Ia melotot didepan komputer memandangku.
"Menjawab salam itu wajib, kok,"Aku menimpali.
"Aku sudah menjawabnya dalam hati, apa lagi!"
Dia masih melotot.
"Permisi..."
Aku berlalu, menghindari tsunami, sepertinya ia sedang dapat.
Segera kunaiki motorku, menuju pekerjaanku di lapangan, dengan gontai, menyalakan mesin motor, mesin? Perasaan Wafa? Itu dia. Aku tersenyum sepanjang perjalanan, tujuanku sekarang adalah rumah, sebentar lagi rumah tangga, karena sebentar lagi juga akan kudapatkan Wafa.

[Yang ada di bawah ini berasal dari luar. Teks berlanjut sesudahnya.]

(* Let $\Lambda$ be a source-free, finite, primitive, non-empty $k$-graph with shift $\sigma$ on $\Lambda^\infty$, and let $\varphi=(\varphi_1,\dots,\varphi_k)$ be continuous real-valued functions on $\Lambda^\infty$ satisfying $\varphi_i+\varphi_j\circ\sigma_i=\varphi_j+\varphi_i\circ\sigma_j$ for all $i,j$, such that $(\Lambda^\infty,\sigma,\varphi)$ admits a unique solution $(\boldsymbol\lambda^\varphi,\mu^\varphi)$ for the positive eigenvalue problem of the dual of the Ruelle operator. Then $\mu^\varphi(\mathcal{Z}(\lambda))>0$ for every $\lambda\in\Lambda$.
   Context: $k$-graph: countable category $\Lambda$ with degree functor $d:\Lambda\to\mathbb{N}^k$ with unique factorization. finite: each $\Lambda^n=d^{-1}(n)$ finite; source-free: $v\Lambda^n\ne\varnothing$ for every vertex $v$ and $n$; primitive: some $n\ne0$ with $v\Lambda^nw\ne\varnothing$ for all vertices $v,w$. $\Lambda^\infty$: degree-preserving functors $x:\Omega_k\to\Lambda$ ($\Omega_k=\{(m,n):m\le n\}$, $d(m,n)=n-m$), cylinder sets $\mathcal{Z}(\lambda)=\{x:x(0,d(\lambda))=\lambda\}$. Shift: $\sigma_i(x)(m,n)=x(m+\mathbf{e}_i,n+\mathbf{e}_i)$. Ruelle operator $(\mathcal{L}_{T,\psi}f)(x)=\sum_{y\in T^{-1}(x)}e^{\psi(y)}f(y)$ with dual $\mathcal{L}^*$ on finite signed Borel measures. ''Admits a unique solution...'': unique $(\boldsymbol\lambda,\mu)$ with $\boldsymbol\lambda\in(0,\infty)^k$, $\mu$ a Borel probability measure, $\mathcal{L}^*_{\sigma_i,\varphi_i}\mu=\lambda_i\mu$ for all $i$. *)

From HB Require Import structures.
From mathcomp Require Import all_boot all_order all_algebra.
From mathcomp Require Import all_classical all_reals.
From mathcomp Require Import topology normedtype sequences exp measure lebesgue_integral.
Set Implicit Arguments. Unset Strict Implicit. Unset Printing Implicit Defensive.
Import numFieldTopology.Exports numFieldNormedType.Exports.
Import Order.TTheory GRing.Theory Num.Theory.
Local Open Scope classical_set_scope.
Local Open Scope ring_scope.

Definition Nk (k : nat) := {ffun 'I_k -> nat}.
Definition addNk k (m n : Nk k) : Nk k := [ffun j => (m j + n j)%N].
Definition subNk k (m n : Nk k) : Nk k := [ffun j => (m j - n j)%N].
Definition zeroNk k : Nk k := [ffun => 0%N].
Definition eNk k (i : 'I_k) : Nk k := [ffun j => nat_of_bool (j == i)].
Definition leNk k (m n : Nk k) : bool := [forall j, (m j <= n j)%N].

(* Morphisms f with kg_src f = kg_rng g compose as kg_comp f g = f g. *)
Record kgraph (k : nat) := KGraph {
  kg_obj : countType;
  kg_mor : countType;
  kg_src : kg_mor -> kg_obj;
  kg_rng : kg_mor -> kg_obj;
  kg_id : kg_obj -> kg_mor;
  kg_comp : kg_mor -> kg_mor -> kg_mor;
  kg_deg : kg_mor -> Nk k;
  kg_src_id : forall v, kg_src (kg_id v) = v;
  kg_rng_id : forall v, kg_rng (kg_id v) = v;
  kg_src_comp : forall f g, kg_src f = kg_rng g -> kg_src (kg_comp f g) = kg_src g;
  kg_rng_comp : forall f g, kg_src f = kg_rng g -> kg_rng (kg_comp f g) = kg_rng f;
  kg_id_l : forall f, kg_comp (kg_id (kg_rng f)) f = f;
  kg_id_r : forall f, kg_comp f (kg_id (kg_src f)) = f;
  kg_assoc : forall f g h, kg_src f = kg_rng g -> kg_src g = kg_rng h ->
    kg_comp (kg_comp f g) h = kg_comp f (kg_comp g h);
  kg_deg_id : forall v, kg_deg (kg_id v) = zeroNk k;
  kg_deg_comp : forall f g, kg_src f = kg_rng g ->
    kg_deg (kg_comp f g) = addNk (kg_deg f) (kg_deg g);
  kg_fact : forall (l : kg_mor) (m n : Nk k), kg_deg l = addNk m n ->
    exists! p : kg_mor * kg_mor,
      [/\ kg_deg p.1 = m, kg_deg p.2 = n, kg_src p.1 = kg_rng p.2
        & kg_comp p.1 p.2 = l]
}.

Section KGraphProps.
Variables (k : nat) (L : kgraph k).

Definition kg_finite : Prop :=
  forall n : Nk k, finite_set [set l : kg_mor L | kg_deg l = n].
Definition kg_source_free : Prop :=
  forall (v : kg_obj L) (n : Nk k), exists l : kg_mor L, kg_rng l = v /\ kg_deg l = n.
Definition kg_primitive : Prop :=
  exists n : Nk k, n != zeroNk k /\
    forall v w : kg_obj L, exists l : kg_mor L,
      [/\ kg_rng l = v, kg_deg l = n & kg_src l = w].
Definition kg_nonempty : Prop := inhabited (kg_mor L).
End KGraphProps.

(* The k-graph Ω_k = {(m,n) : m <= n}, r(m,n) = m, s(m,n) = n,          *)
(* (m,n)(n,p) = (m,p), d(m,n) = n - m.                                 *)
Definition Omega (k : nat) := {p : Nk k * Nk k | leNk p.1 p.2}.
Definition om_fst k (a : Omega k) : Nk k := (sval a).1.
Definition om_snd k (a : Omega k) : Nk k := (sval a).2.

(* x : Ω_k -> Λ is a degree-preserving functor *)
Definition is_kpath k (L : kgraph k) (x : Omega k -> kg_mor L) : Prop :=
  [/\ (forall a, kg_deg (x a) = subNk (om_snd a) (om_fst a)),
      (forall a b c : Omega k, om_fst a = om_fst c -> om_snd a = om_fst b ->
          om_snd b = om_snd c ->
          kg_src (x a) = kg_rng (x b) /\ kg_comp (x a) (x b) = x c)
    & (forall a, om_fst a = om_snd a -> x a = kg_id (kg_rng (x a)))].

Definition kpath k (L : kgraph k) := {x : Omega k -> kg_mor L | is_kpath x}.
HB.instance Definition _ k (L : kgraph k) := gen_eqMixin (kpath L).
HB.instance Definition _ k (L : kgraph k) := gen_choiceMixin (kpath L).

Definition kpath_app k (L : kgraph k) (x : kpath L) : Omega k -> kg_mor L := sval x.

Lemma le0Nk k (n : Nk k) : leNk (zeroNk k) n.
Proof. by apply/forallP => j; rewrite ffunE. Qed.

Definition cyl k (L : kgraph k) (l : kg_mor L) : set (kpath L) :=
  [set x | kpath_app x (exist _ (zeroNk k, kg_deg l) (le0Nk (kg_deg l))) = l].

Lemma leNk_shift k (i : 'I_k) (m n : Nk k) :
  leNk m n -> leNk (addNk m (eNk i)) (addNk n (eNk i)).
Proof.
move=> /forallP H; apply/forallP => j; rewrite !ffunE leq_add2r; exact: H.
Qed.

Definition om_shift k (i : 'I_k) (a : Omega k) : Omega k :=
  exist _ (addNk (om_fst a) (eNk i), addNk (om_snd a) (eNk i))
    (leNk_shift i (svalP a)).

Lemma shift_is_kpath k (L : kgraph k) (i : 'I_k) (x : kpath L) :
  is_kpath (fun a => kpath_app x (om_shift i a)).
Proof.
case: x => x [Hd Hc Hi]; split.
- move=> a; rewrite /kpath_app /= Hd; apply/ffunP => j.
  by rewrite /om_shift /om_fst /om_snd /= !ffunE subnDr.
- move=> a b c e1 e2 e3; apply: Hc.
  + by rewrite /om_fst /= -/(om_fst a) -/(om_fst c) e1.
  + by rewrite /om_fst /om_snd /= -/(om_snd a) -/(om_fst b) e2.
  + by rewrite /om_snd /= -/(om_snd b) -/(om_snd c) e3.
- move=> a e; apply: Hi.
  by rewrite /om_fst /om_snd /= -/(om_fst a) -/(om_snd a) e.
Qed.

Definition kshift k (L : kgraph k) (i : 'I_k) (x : kpath L) : kpath L :=
  exist _ _ (shift_is_kpath i x).

Definition kpath_open k (L : kgraph k) (U : set (kpath L)) : Prop :=
  forall x, U x -> exists l : kg_mor L, cyl l x /\ cyl l `<=` U.

Definition kcontinuous k (L : kgraph k) (R : realType) (f : kpath L -> R) : Prop :=
  forall V : set R, open V -> kpath_open (f @^-1` V).

Definition ruelle k (L : kgraph k) (R : realType) (i : 'I_k)
    (psi f : kpath L -> R) (x : kpath L) : R :=
  \sum_(y \in [set y | kshift i y = x]) expR (psi y) * f y.

(* Λ^∞ as a pointed type (measurable types in MathComp-Analysis must be   *)
(* pointed); the point x0 is irrelevant for the σ-algebra.               *)
Definition kpathP k (L : kgraph k) (x0 : kpath L) := kpath L.
HB.instance Definition _ k (L : kgraph k) (x0 : kpath L) :=
  Choice.on (kpathP x0).
HB.instance Definition _ k (L : kgraph k) (x0 : kpath L) :=
  isPointed.Build (kpathP x0) x0.

Definition kpath_openP k (L : kgraph k) (x0 : kpath L) : set (set (kpathP x0)) :=
  @kpath_open k L.
Arguments kpath_openP {k L} x0 _.

Definition kpathB k (L : kgraph k) (x0 : kpath L) :=
  g_sigma_algebraType (kpath_openP x0).

(* L*_{σ_i,φ_i} μ = λ_i μ, i.e. μ(L_{σ_i,φ_i} f) = λ_i μ(f) for all f ∈ C(Λ^∞). *)
Definition eigen_solution k (L : kgraph k) (R : realType) (x0 : kpath L)
    (phi : 'I_k -> kpath L -> R) (lam : 'I_k -> R)
    (mu : probability (kpathB x0) R) : Prop :=
  (forall i, 0 < lam i) /\
  forall (i : 'I_k) (f : kpath L -> R), kcontinuous f ->
    (\int[mu]_y (ruelle i (phi i) f y)%:E = (lam i)%:E * \int[mu]_y (f y)%:E)%E.
Arguments eigen_solution {k L R} x0 phi lam mu.

Definition unique_eigen_solution k (L : kgraph k) (R : realType) (x0 : kpath L)
    (phi : 'I_k -> kpath L -> R) : Prop :=
  exists lam mu, eigen_solution x0 phi lam mu /\
    forall lam' mu', eigen_solution x0 phi lam' mu' ->
      lam' = lam /\ forall A, measurable A -> mu' A = mu A.
Arguments unique_eigen_solution {k L R} x0 phi.

(* Let mu be a Borel probability measure with  L*_{sigma_i,phi_i} mu = lam_i mu
   for all i.  We show mu(Z(l)) > 0 by contradiction; only the eigen-equation
   and primitivity of the k-graph are needed.
   1. If l = e l' with d(e) = e_i, the function f = 1_{Z(l)} exp(-phi_i) is
      continuous (cylinders are clopen) and L_{sigma_i,phi_i} f = 1_{Z(l')},
      because the only sigma_i-preimage of x in Z(l') lying in Z(l) is the
      concatenated path e x.  Integrating against mu gives
      mu(Z(l')) = lam_i mu(f), which vanishes whenever mu(Z(l)) = 0.
   2. Peeling off edges of degree e_i one at a time, a null Z(l) forces the
      cylinder of the source vertex s(l) to be null.
   3. By primitivity every vertex w is the source of some a with r(a) = s(l);
      then Z(a) is contained in Z(s(l)), so by 2 the cylinder Z(w) is null.
   4. The vertex cylinders form a countable cover of the path space, which
      contradicts mu(Lambda^infty) = 1.
   The file develops, in order: arithmetic in N^k, factorizations in a
   k-graph, segments of infinite paths, infinite paths built from coherent
   finite prefixes, concatenation of a path with an infinite path, cylinder
   sets, the Ruelle transform of the test function f, and the measure theory. *)

From HB Require Import structures.
From mathcomp Require Import all_boot all_order all_algebra.
From mathcomp Require Import all_classical all_reals.
From mathcomp Require Import topology normedtype sequences exp measure lebesgue_integral.
From mathcomp Require Import ereal numfun lebesgue_measure measurable_realfun.
Set Implicit Arguments. Unset Strict Implicit. Unset Printing Implicit Defensive.
Import Order.TTheory GRing.Theory Num.Theory.
Import numFieldTopology.Exports numFieldNormedType.Exports.
Local Open Scope classical_set_scope.
Local Open Scope ring_scope.
(* Let $G$ be a connected graph of girth $s$ and let $k\ge 2$. Suppose $G$ has $k$ level-disjoint partitions $\mathcal{S}^1,\dots,\mathcal{S}^k$ rooted in a vertex $v$ of optimal height, i.e. $\max_i h(\mathcal{S}^i)=\mathrm{ecc}(v)+k-1$ if $G$ is non-bipartite and $\max_i h(\mathcal{S}^i)=\mathrm{ecc}(v)+2k-2$ if $G$ is bipartite. Then $\mathrm{ecc}(v)\ge s-2$ if $G$ is non-bipartite, and $\mathrm{ecc}(v)\ge s-3$ if $G$ is bipartite.
   Context: For $S\subseteq V(G)$, $N(S)$ is the set of vertices adjacent to some vertex of $S$. A level partition of $G$ is a tuple $\mathcal{S}=(S_0,\dots,S_h)$ of pairwise disjoint sets with union $V(G)$ such that $S_i\subseteq N(S_{i-1})$ for $1\le i\le h$; $h(\mathcal{S})=h$ is its height; it is rooted in $v$ if $S_0=\{v\}$. Level partitions are level-disjoint if for every two of them $\mathcal{S},\mathcal{T}$, $S_i\cap T_i=\emptyset$ for every $1\le i\le\min(h(\mathcal{S}),h(\mathcal{T}))$. The girth is the length of a shortest cycle; $\mathrm{ecc}(v)=\max_{u} d(u,v)$. *)

From mathcomp Require Import all_boot.
Set Implicit Arguments. Unset Strict Implicit. Unset Printing Implicit Defensive.

Section Graphs.
Variable T : finType.
Variable e : rel T.

Definition simple_graph : Prop := symmetric e /\ irreflexive e.

Definition connected : Prop := forall u w : T, connect e u w.

Definition bipartite : Prop := exists f : T -> bool, forall x y, e x y -> f x != f y.

Definition is_cycle_of_length (c : seq T) (l : nat) : Prop :=
  [/\ cycle e c, uniq c, size c = l & 3 <= l].

Definition girth (s : nat) : Prop :=
  (exists c, is_cycle_of_length c s) /\
  (forall c l, is_cycle_of_length c l -> s <= l).

Definition walk_len (u w : T) (n : nat) : Prop :=
  exists p : seq T, [/\ path e u p, last u p = w & size p = n].

Definition is_dist (u w : T) (d : nat) : Prop :=
  walk_len u w d /\ forall n, walk_len u w n -> d <= n.

Definition is_ecc (v : T) (m : nat) : Prop :=
  (exists u, is_dist v u m) /\ forall u d, is_dist v u d -> d <= m.

Definition nbhd (S : {set T}) : {set T} := [set y | [exists x in S, e x y]].

Definition height (P : seq {set T}) : nat := (size P).-1.

Definition level_partition (P : seq {set T}) : Prop :=
  [/\ 0 < size P,
      (forall i j, i < size P -> j < size P -> i != j ->
         [disjoint nth set0 P i & nth set0 P j]),
      (forall x : T, exists2 i, i < size P & x \in nth set0 P i) &
      (forall i, 1 <= i <= height P -> nth set0 P i \subset nbhd (nth set0 P i.-1))].

Definition rooted_in (P : seq {set T}) (v : T) : Prop := nth set0 P 0 = [set v].

Definition level_disjoint (k : nat) (Ps : 'I_k -> seq {set T}) : Prop :=
  forall a b : 'I_k, a != b ->
    forall i, 1 <= i <= minn (height (Ps a)) (height (Ps b)) ->
      nth set0 (Ps a) i :&: nth set0 (Ps b) i = set0.

Definition max_height (k : nat) (Ps : 'I_k -> seq {set T}) : nat :=
  \max_(a < k) height (Ps a).

End Graphs.

From mathcomp Require Import all_boot.
From mathcomp Require Import zify.

Set Implicit Arguments.
Unset Strict Implicit.
Unset Printing Implicit Defensive.

(* Let [w] be a neighbour of the root [v]. In each partition [w] sits at some
   level [l >= 1], and level-disjointness makes these [k] levels pairwise
   distinct. If [l >= 2], walking down the levels from [w] to [v] and closing
   with the edge [wv] gives a cycle of length [l + 1], so [l + 1 >= s]. Hence
   the [k] levels lie in [{1} ∪ [s - 1, h]] with [h] the maximal height, and
   for bipartite graphs they are moreover odd; counting gives the bounds. *)

Lemma inj_card_le_size (I : finType) (U : eqType) (f : I -> U) (r : seq U) :
  injective f -> (forall i, f i \in r) -> #|I| <= size r.
Proof.
move=> f_inj f_r; rewrite cardE -(size_map f).
apply: uniq_leq_size => [|_ /mapP[i _ ->] //].
by rewrite map_inj_uniq ?enum_uniq.
Qed.

Lemma inj_level_count k M s (L : 'I_k -> nat) :
  injective L -> (forall a, L a = 1 \/ s - 1 <= L a <= M) ->
  k <= (M + 2 - s).+1.
Proof.
move=> L_inj L_range.
have := @inj_card_le_size _ _ _ (1 :: iota (s - 1) (M + 2 - s)) L_inj.
rewrite card_ord /= size_iota; apply=> a; rewrite inE mem_iota.
by case: (L_range a) => [->|]; rewrite ?eqxx //; lia.
Qed.

(* Odd levels are told apart by their halves. *)
Lemma inj_odd_level_count k M s (L : 'I_k -> nat) :
  injective L -> (forall a, odd (L a)) ->
  (forall a, L a = 1 \/ s - 1 <= L a <= M) ->
  k <= ((M - 1)./2 + 1 - (s - 1)./2).+1.
Proof.
move=> L_inj L_odd L_range.
have L_half a : L a = ((L a)./2).*2.+1.
  by rewrite -[LHS]odd_double_half L_odd.
have half_inj : injective (fun a => (L a)./2).
  by move=> a b /= eq_half; apply: L_inj; rewrite L_half eq_half -L_half.
have := @inj_card_le_size _ _ _
  (0 :: iota ((s - 1)./2) ((M - 1)./2 + 1 - (s - 1)./2)) half_inj.
rewrite card_ord /= size_iota; apply=> a; rewrite inE mem_iota.
have := L_half a; rewrite -!divn2 -!mul2n.
by case: (L_range a) => [->|]; rewrite ?eqxx //; lia.
Qed.

Lemma walk_parity (T : finType) (e : rel T) (f : T -> bool) :
  (forall x y, e x y -> f x != f y) ->
  forall u p, path e u p -> f (last u p) = f u (+) odd (size p).
Proof.
move=> f_col u p; elim: p u => [|y p IHp] u /=; first by rewrite addbF.
case/andP=> /f_col f_uy /IHp ->.
by move: f_uy; case: (f u); case: (f y); case: odd.
Qed.

Lemma cycle_other_vertex (T : finType) (e : rel T) (c : seq T) l (v : T) :
  is_cycle_of_length e c l -> exists u, u != v.
Proof.
case: c => [|x [|y c]] [_ c_uniq <- _] //.
move: c_uniq; rewrite /= inE negb_or => /andP[/andP[xy _] _].
by case: (eqVneq x v) => [xv|]; [exists y; rewrite -xv eq_sym | exists x].
Qed.

Lemma connected_neighbour (T : finType) (e : rel T) (u v : T) :
  connected e -> u != v -> exists w, e v w.
Proof.
move=> conn uv; have /connectP[[|w p] /= p_path p_last] := conn v u.
  by rewrite p_last eqxx in uv.
by case/andP: p_path => vw _; exists w.
Qed.

Section Levels.
Variables (T : finType) (e : rel T) (P : seq {set T}) (v : T).
Hypotheses (P_part : level_partition e P) (P_root : rooted_in P v).

Definition level_of (x : T) : nat := find (fun S : {set T} => x \in S) P.

Lemma level_of_lt_size x : level_of x < size P.
Proof.
case: P_part => _ _ P_cover _; have [i i_lt x_i] := P_cover x.
by rewrite /level_of -has_find; apply/hasP; exists (nth set0 P i); rewrite ?mem_nth.
Qed.

Lemma mem_level_of x : x \in nth set0 P (level_of x).
Proof.
by apply: (nth_find set0 (a := fun S : {set T} => x \in S)); rewrite has_find level_of_lt_size.
Qed.

Lemma level_path l x : l < size P -> x \in nth set0 P l ->
  exists p, [/\ path e v p, last v p = x, size p = l &
                forall i, i <= l -> nth v (v :: p) i \in nth set0 P i].
Proof.
case: P_part => _ _ _ P_sub; elim: l x => [|l IHl] x l_lt x_l.
  move: x_l; rewrite P_root => /set1P ->; exists [::]; split=> // i.
  by rewrite leqn0 => /eqP ->; rewrite P_root set11.
have : x \in nbhd e (nth set0 P l) by apply: (subsetP (P_sub l.+1 _)); rewrite /height; lia.
rewrite inE => /existsP[y /andP[y_l yx]].
have [p [p_path p_last p_size p_lev]] := IHl y (ltnW l_lt) y_l.
exists (rcons p x); split; rewrite ?last_rcons ?size_rcons ?p_size //.
  by rewrite rcons_path p_path p_last.
move=> i i_le; rewrite -rcons_cons nth_rcons /= p_size ltnS.
case: leqP => [|l_lt_i]; first exact: p_lev.
have -> : i = l.+1 by lia.
by rewrite eqxx.
Qed.

(* The vertices of a level path lie in distinct, hence disjoint, levels. *)
Lemma level_path_uniq l x : l < size P -> x \in nth set0 P l ->
  exists p, [/\ path e v p, last v p = x, size p = l & uniq (v :: p)].
Proof.
move=> l_lt x_l; have [p [p_path p_last p_size p_lev]] := level_path l_lt x_l.
exists p; split=> //; apply/(uniqP v) => i j; rewrite !inE /= p_size => i_le j_le pij.
apply/eqP/negPn/negP => ij; case: P_part => _ P_disj _ _.
have := disjointFr (P_disj i j (leq_trans i_le l_lt) (leq_trans j_le l_lt) ij)
  (p_lev i i_le).
by rewrite pij p_lev.
Qed.

Lemma level_of_neighbour_gt0 w : irreflexive e -> e v w -> 0 < level_of w.
Proof.
move=> e_irr vw; rewrite lt0n; apply/eqP => w_lev0.
by have := mem_level_of w; rewrite w_lev0 P_root => /set1P wv; rewrite wv e_irr in vw.
Qed.

Lemma level_of_neighbour_cycle w : symmetric e -> e v w -> 2 <= level_of w ->
  exists c, is_cycle_of_length e c (level_of w).+1.
Proof.
move=> e_sym vw w_lev.
have [p [p_path p_last p_size p_uniq]] :=
  level_path_uniq (level_of_lt_size w) (mem_level_of w).
exists (v :: p); split; rewrite /= ?p_size //.
by rewrite rcons_path p_path p_last e_sym.
Qed.

Lemma level_of_neighbour_odd (f : T -> bool) w :
  (forall x y, e x y -> f x != f y) -> e v w -> odd (level_of w).
Proof.
move=> f_col vw.
have [p [p_path p_last p_size _]] := level_path (level_of_lt_size w) (mem_level_of w).
have := walk_parity f_col p_path; rewrite p_last p_size => fw.
by have := f_col _ _ vw; rewrite fw; case: (f v); case: odd.
Qed.

End Levels.

Lemma level_of_le_max_height (T : finType) (e : rel T) k (Ps : 'I_k -> seq {set T})
    (a : 'I_k) (w : T) :
  level_partition e (Ps a) -> level_of (Ps a) w <= max_height Ps.
Proof.
move=> Pa_part; apply: leq_trans (leq_bigmax (F := fun b => height (Ps b)) a).
by have := level_of_lt_size Pa_part w; rewrite /height; lia.
Qed.

Lemma level_of_injective (T : finType) (e : rel T) k (Ps : 'I_k -> seq {set T}) (w : T) :
  (forall a, level_partition e (Ps a)) -> level_disjoint Ps ->
  (forall a, 0 < level_of (Ps a) w) -> injective (fun a => level_of (Ps a) w).
Proof.
move=> Ps_part Ps_disj lev_gt0 a b /= lev_ab; apply/eqP/negPn/negP => ab.
have lt_a := level_of_lt_size (Ps_part a) w.
have lt_b := level_of_lt_size (Ps_part b) w.
have gt0_a := lev_gt0 a.
have /setP/(_ w) := Ps_disj a b ab (level_of (Ps a) w) ltac:(rewrite /height; lia).
by rewrite inE {2}lev_ab (mem_level_of (Ps_part a)) (mem_level_of (Ps_part b)) inE.
Qed.

Theorem proposition7 (T : finType) (e : rel T) (s k : nat) (v : T) (m : nat)
    (Ps : 'I_k -> seq {set T}) :
  simple_graph e -> connected e -> girth e s -> 2 <= k ->
  (forall a, level_partition e (Ps a)) ->
  (forall a, rooted_in (Ps a) v) ->
  level_disjoint Ps ->
  is_ecc e v m ->
  (~ bipartite e -> max_height Ps = m + k - 1 -> s - 2 <= m) /\
  (bipartite e -> max_height Ps = m + 2 * k - 2 -> s - 3 <= m).
Proof.
move=> [e_sym e_irr] conn [[c c_cyc] s_min] k_ge2 Ps_part Ps_root Ps_disj _.
have [u uv] := cycle_other_vertex v c_cyc.
have [w vw] := connected_neighbour conn uv.
pose L a := level_of (Ps a) w.
have L_gt0 a : 0 < L a := level_of_neighbour_gt0 (Ps_part a) (Ps_root a) e_irr vw.
have L_inj : injective L := level_of_injective Ps_part Ps_disj L_gt0.
have L_range a : L a = 1 \/ s - 1 <= L a <= max_height Ps.
  have L_le : L a <= max_height Ps := level_of_le_max_height w (Ps_part a).
  have [L_lt2|L_ge2] := ltnP (L a) 2; first by have := L_gt0 a; left; lia.
  have [c' /s_min s_le] := level_of_neighbour_cycle (Ps_part a) (Ps_root a) e_sym vw L_ge2.
  by rewrite -/(L a) in s_le; right; lia.
split=> [_ hmax | [f f_col] hmax].
  by have := inj_level_count L_inj L_range; rewrite hmax; lia.
have L_odd a : odd (L a) := level_of_neighbour_odd (Ps_part a) (Ps_root a) f_col vw.
by have := inj_odd_level_count L_inj L_odd L_range; rewrite hmax -!divn2; lia.
Qed.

Setiba di rumah, kusiapkan peralatan, kali ini aku akan membuat mesin menuju masa depan, tentu ini agar aku tahu apa yang dikehendaki Wafa dipersekian menit kedepan, agar aku dapat mencuri perhatiannya, biarlah aku dipenjara dihatinya.
Selesai, cukup satu jam aku membuatnya, tidak perlu ditanya, Sangkuriang bisa menyelesaikan perahu dalam satu malam, semua itu karena dorongan cinta, dan yang terjadi padaku bukan dongeng.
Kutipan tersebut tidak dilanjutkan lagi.